• [Task directions]: Look through the listing below and work out how many of its lines hold the word "exact". Give only the number.

------------------------------------------------

Lemma viableW {n p q} {delta : C} {Y : 'M[C]_(p, n)} {Z : 'M[C]_(q, n)} :
  viable delta Y Z -> forall w, (w <= Z)%MS ->
  (1 - delta) * sqnorm w <= sqnorm (w *m proj_ortho Y).
Proof.
move=> hY w wZ; have [->|w0] := eqVneq w 0; first by rewrite mul0mx !sqnorm0 mulr0.
have s0 : 0 < sqnorm w by rewrite /sqnorm dnorm_gt0.
set a := (sqrtC (sqnorm w))^-1.
have a2 : `|a| ^+ 2 = (sqnorm w)^-1.
  by rewrite /a normfV ger0_norm ?sqrtC_ge0 ?ltW // exprVn sqrtCK.
have := hY (a *: w) (scalemx_sub _ wZ).
rewrite -scalemxAl !sqnormZ a2 mulVf ?gt_eqF // => /(_ erefl).
by rewrite ler_pdivlMl // mulrC.
Qed.

End Projections.

Section Energy.
Context {C : numClosedFieldType} {n : nat}.

Definition energy (A : 'M[C]_n) (v : 'rV[C]_n) : C :=
  dotmx (v *m (1%:M - A *m A^t*)) v.

Lemma energyE (A : 'M[C]_n) (v : 'rV[C]_n) :
  energy A v = sqnorm v - sqnorm (v *m A).
Proof. by rewrite /energy mulmxBr mulmx1 linearBl /= mulmxA dotmx_adj trmxCK. Qed.

Context {Z A : 'M[C]_n} {Delta : C}.
Hypothesis hA : AGSP Delta Z A.

(* Since A fixes Z and maps Z^perp into itself, only the component of v
   orthogonal to Z carries energy. *)
Lemma energy_residual (v : 'rV[C]_n) (w := v - v *m proj_ortho Z) :
  energy A v = sqnorm w - sqnorm (w *m A).
Proof.
set u := v *m proj_ortho Z.
have uZ : (u <= Z)%MS by exact: proj_ortho_sub.
have hvA : v *m A = u + w *m A by rewrite -{1}(subrK u v) mulmxDl (hA.1 _ uZ) addrC.
have uwA : dotmx u (w *m A) = 0 by exact: (hA.2 w (orth_to_residual Z v)).1 u uZ.
rewrite energyE hvA sqnormDd // (sqnorm_proj_split Z v) -/u -/w.
by rewrite opprD addrACA subrr add0r.
Qed.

------------------------------------------------

• [Output]: 2